- _AIM OF THE EXERCISE_:
When you reach the line containing "Lemma continuous_mul f" in the records below, start copying exactly, and stop once you have copied the line containing "by apply: funext => x; rewrite big_cons.".
PROVIDED RECORDS below:
(* In the setting below, for orthogonal modified types $\boldsymbol\mu,\boldsymbol\nu,\boldsymbol\lambda$: $r_{\boldsymbol\mu,\boldsymbol\nu}^{\boldsymbol\lambda}=0$ whenever $|\boldsymbol\lambda|>|\boldsymbol\mu|+|\boldsymbol\nu|$, and whenever $|\boldsymbol\lambda|=|\boldsymbol\mu|+|\boldsymbol\nu|$ the polynomial $r_{\boldsymbol\mu,\boldsymbol\nu}^{\boldsymbol\lambda}$ is a constant belonging to $\mathbb{Z}$. (That is, the algebra over $\mathcal{R}_q[\tfrac12]$ with basis $K_{\boldsymbol\mu}$ and structure constants $r_{\boldsymbol\mu,\boldsymbol\nu}^{\boldsymbol\lambda}$ is filtered by $|\cdot|$ and its associated graded algebra has integer structure constants.)
   Context: $q$ odd prime power. $G_n(\mathbb{F}_q)$ is one of the families $O^+_{2n}$, $O^-_{2n}$, $O_{2n+1}$: the symmetry groups of the symmetric forms $\sum_{i=1}^n(x_{2i-1}y_{2i}+x_{2i}y_{2i-1})$ on $\mathbb{F}_q^{2n}$; $x_1y_1-\epsilon x_2y_2+\sum_{i=2}^n(x_{2i-1}y_{2i}+x_{2i}y_{2i-1})$ on $\mathbb{F}_q^{2n}$ ($\epsilon$ a fixed non-square); $x_1y_1+\sum_{i=1}^n(x_{2i}y_{2i+1}+x_{2i+1}y_{2i})$ on $\mathbb{F}_q^{2n+1}$, respectively, with $G_n\subset G_{n+1}$ via $g\mapsto\operatorname{diag}(g,\mathrm{Id}_2)$. Elements $g\in G_n$, $g'\in G_{n'}$ have the same orthogonal modified type if their images in some common $G_N$ are conjugate in $G_N$; a modified type is such a class, of size $|\boldsymbol\mu|=\operatorname{rank}(g-\mathrm{Id})$. $X_{\boldsymbol\mu,m}$ is the sum of elements of $G_m(\mathbb{F}_q)$ of modified type $\boldsymbol\mu$. $[m]_q=(q^m-1)/(q-1)$; $\mathcal{R}_q[\tfrac12]$ is the $\mathbb{Z}[\tfrac12,q,q^{-1}]$-span in $\mathbb{Q}[x]$ of $\binom{x}{k}_q=\frac{x(x-[1]_q)\cdots(x-[k-1]_q)}{q^{k(k-1)/2}[k]_q!}$. The polynomials $r_{\boldsymbol\mu,\boldsymbol\nu}^{\boldsymbol\lambda}\in\mathcal{R}_q[\tfrac12]$ are those with $X_{\boldsymbol\mu,m}X_{\boldsymbol\nu,m}=\sum_{\boldsymbol\lambda}r_{\boldsymbol\mu,\boldsymbol\nu}^{\boldsymbol\lambda}([m]_q)X_{\boldsymbol\lambda,m}$ for all $m\ge0$. *)

From HB Require Import structures.
From mathcomp Require Import all_boot all_order all_algebra.
From Stdlib Require Import ClassicalDescription.
Set Implicit Arguments. Unset Strict Implicit. Unset Printing Implicit Defensive.
Import Order.TTheory GRing.Theory Num.Theory.
Local Open Scope ring_scope.

Inductive ofamily := OPlus | OMinus | OOdd.

Definition dG (fam : ofamily) (n : nat) : nat :=
  match fam with OOdd => (2 * n).+1 | _ => (2 * n)%N end.

Definition validn (fam : ofamily) (n : nat) : bool :=
  match fam with OMinus => (0 < n)%N | _ => true end.

Section Groups.
Variable F : finFieldType.

(* hyperbolic pairing on 0-based coordinates (0,1),(2,3),... *)
Definition hyp (i j : nat) : bool := (i != j) && (i./2 == j./2).
Lemma quadratic_eventually_neg (R : realFieldType) (al be ga : R) : al < 0 ->
  \forall t \near 0^'+, al + t * be + t ^+ 2 * ga < 0.
Proof.
move=> al0; have C0 : 0 < `|be| + `|ga| + 1 by rewrite ltr_wpDl // addr_ge0.
have e0 : 0 < - al / (`|be| + `|ga| + 1) by rewrite divr_gt0 ?oppr_gt0.
near=> t.
have t0 : 0 < t by near: t; exact: nbhs_right_gt.
have t1 : t <= 1 by near: t; exact: nbhs_right_le.
have tC : t * (`|be| + `|ga| + 1) <= - al.
  by rewrite -ler_pdivlMr //; near: t; exact: nbhs_right_le.
have tbe : t * be <= t * `|be| := ler_wpM2l (ltW t0) (ler_norm _).
have tga : t ^+ 2 * ga <= t * `|ga|.
  rewrite expr2 -mulrA; apply: ler_wpM2l; first exact: ltW.
  apply: le_trans (ler_wpM2l (ltW t0) (ler_norm ga)) _.
  exact: ler_piMl (normr_ge0 ga) t1.
lra.
Unshelve. all: by end_near.
Qed.

Section RealContinuity.
Context {T : topologicalType} {R : realType}.
Implicit Types f g : T -> R.

Lemma continuous_add f g :
  continuous f -> continuous g -> continuous (fun x => f x + g x).
Proof. by move=> fc gc x; exact: (@continuousD R _ _ f g x (fc x) (gc x)). Qed.

Lemma continuous_sub f g :
  continuous f -> continuous g -> continuous (fun x => f x - g x).
Proof. by move=> fc gc x; exact: (@continuousB R _ _ f g x (fc x) (gc x)). Qed.

Lemma continuous_mul f g :
  continuous f -> continuous g -> continuous (fun x => f x * g x).
Proof. by move=> fc gc x; exact: (@continuousM R _ f g x (fc x) (gc x)). Qed.

Lemma continuous_sum (I : finType) (F : I -> T -> R) :
  (forall i, continuous (F i)) -> continuous (fun x => \sum_i F i x).
Proof.
move=> Fc; suff sumc (s : seq I) : continuous (fun x => \sum_(i <- s) F i x).
  exact: sumc.
elim: s => [|i s IHs].
  rewrite (_ : (fun _ => _) = fun=> 0); first exact: cst_continuous.
  by apply: funext => x; rewrite big_nil.
rewrite (_ : (fun _ => _) = fun x => F i x + \sum_(j <- s) F j x); last first.
  by apply: funext => x; rewrite big_cons.
exact: continuous_add (Fc i) IHs.
Qed.

Lemma closed_le0 f :
  continuous f -> closed [set p | f p <= 0].
Proof.
move=> fc; rewrite (_ : [set p | f p <= 0] = f @^-1` [set r | r <= 0]) //.
by apply: preimage_closed; [move=> p _; exact: fc|exact: closed_le].
Qed.

End RealContinuity.

Section LiftedProblem.
Variables (R : realType) (n m : nat).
End of PROVIDED RECORDS.
- _RESULT_:
Lemma continuous_mul f g :
  continuous f -> continuous g -> continuous (fun x => f x * g x).
Proof. by move=> fc gc x; exact: (@continuousM R _ f g x (fc x) (gc x)). Qed.

Lemma continuous_sum (I : finType) (F : I -> T -> R) :
  (forall i, continuous (F i)) -> continuous (fun x => \sum_i F i x).
Proof.
move=> Fc; suff sumc (s : seq I) : continuous (fun x => \sum_(i <- s) F i x).
  exact: sumc.
elim: s => [|i s IHs].
  rewrite (_ : (fun _ => _) = fun=> 0); first exact: cst_continuous.
  by apply: funext => x; rewrite big_nil.
rewrite (_ : (fun _ => _) = fun x => F i x + \sum_(j <- s) F j x); last first.
  by apply: funext => x; rewrite big_cons.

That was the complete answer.